The burden of urinary incontinence (UI) on American women is immense in human and financial terms, and continues to rise with the growing population of older adults. The goal of this proposal is to improve the care for UI provided to women and, in doing so, decrease the utilization of specialty care while improving patient outcomes.
Specific Aim 1 seeks to improve the quality of incontinence care provided to an ethnically diverse population of women through a controlled practice-based intervention involving primary care providers. Three Southern California medical groups will participate in a cluster randomized controlled trial in which 40 offices (12- 14 per site) will be randomized to undergo a practice-based incontinence intervention led by a urologist/urogynecologist ?clinical champion? who is a member of that specific medical group. The intervention will include physician education, individual performance feedback, electronic decision support, and patient education. The quality of patient care, as evidenced by compliance with the quality indicators, will be measured across the two randomized arms after implementation of the intervention. The investigators for this proposal recently developed and pilot-tested a set of quality-of-care indicators (QIs) for urinary incontinence that encompass care provided at both the generalist and specialist level. Compliance with these quality indicators will be the key means to measure quality. In addition, in Specific Aim 2, utilization of specialists will be compared before and after the intervention. The investigators hypothesize that improved care at the level of the primary care physician will reduce the number of specialty referrals. Lastly, Specific Aim 3 will seek to measure the effect of the intervention on patient outcomes. Under the hypothesis that a practice-based intervention will improve disease-specific outcomes, symptom severity and quality of life will be measured at baseline by the urogenital distress inventory-short form (UDI-6) and the incontinence impact questionnaire-short form (IIQ-7). After implementation of the intervention, these questionnaires will be given a second time and outcomes will be compared between control and intervention groups. We expect that this intervention will also reduce disparities in care for underrepresented minorities.

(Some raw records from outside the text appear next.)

Lemma w_N_le {X : V -> V} : bounded_op ip X -> symmetric_op X \/ skew_op X ->
  w_N ip N X <= N X.
Proof.
move=> bX symX; apply: ge_sup; first by eexists; exists 0.
by move=> _ [t _ <-]; exact: N_op_Re_expi_le.
Qed.

Lemma w_N_symmetric {X : V -> V} :
  bounded_op ip X -> symmetric_op X -> w_N ip N X = N X.
Proof.
move=> bX symX; apply/le_anti; rewrite w_N_le //=; last by left.
have N_at0 : N (op_Re ip (op_scale (expi 0) X)) = N X.
  case: HN => _ [_ [NZ _]].
  by rewrite op_Re_scale_symmetric // /expi cos0 sin0 NZ // /cmod normr1 mul1r.
rewrite -[leLHS]N_at0; apply: sup_upper_bound; last by exists 0.
split; first by eexists; exists 0.
by exists (N X) => _ [t _ <-]; apply: N_op_Re_expi_le => //; left.
Qed.

End AlgebraNorm.

End InnerProductSpace.

Theorem corollary2p9 (V : lmodType CC) (ip : V -> V -> CC)
  (HH : is_hilbert ip) (N : (V -> V) -> RR) (HN : sa_algebra_norm ip N)
  (T S : V -> V)
  (bT : bounded_op ip T) (bS : bounded_op ip S)
  (sT : selfadjoint ip T) (sS : selfadjoint ip S)
  (hTS : op_mul T S = op_mul S T \/ op_mul T S = op_scale (-1) (op_mul S T)) :
  w_N ip N (op_mul T S) <= Num.min (N T * w_N ip N S) (N S * w_N ip N T).
Proof.
have [ipP HC] := HH.
have symT := selfadjoint_symmetric ipP HC bT sT.
have symS := selfadjoint_symmetric ipP HC bS sS.
rewrite (w_N_symmetric ipP HN bT symT) (w_N_symmetric ipP HN bS symS).
rewrite [N S * _]mulrC minxx.
have [_ [_ [_ [_ [N_mul _]]]]] := HN.
apply: le_trans (w_N_le ipP HN (bounded_op_mul bT bS) _) (N_mul _ _ bT bS).
by case: hTS => TS; [left; apply: symmetric_op_mul | right; apply: skew_op_mul].
Qed.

The burden of urinary incontinence (UI) on American women is immense in human and financial terms, and continues to rise with the growing population of older adults. The goal of this proposal is to improve the care for UI provided to an ethnically diverse population of women and, in doing so, decrease the utilization of specialty care while improving patient outcomes. Three Southern California medical groups will participate in a cluster randomized controlled trial, with the goal of improving the quality of care for women with urinary incontinence while simultaneously improving patient outcomes and reducing excess utilization of specialists.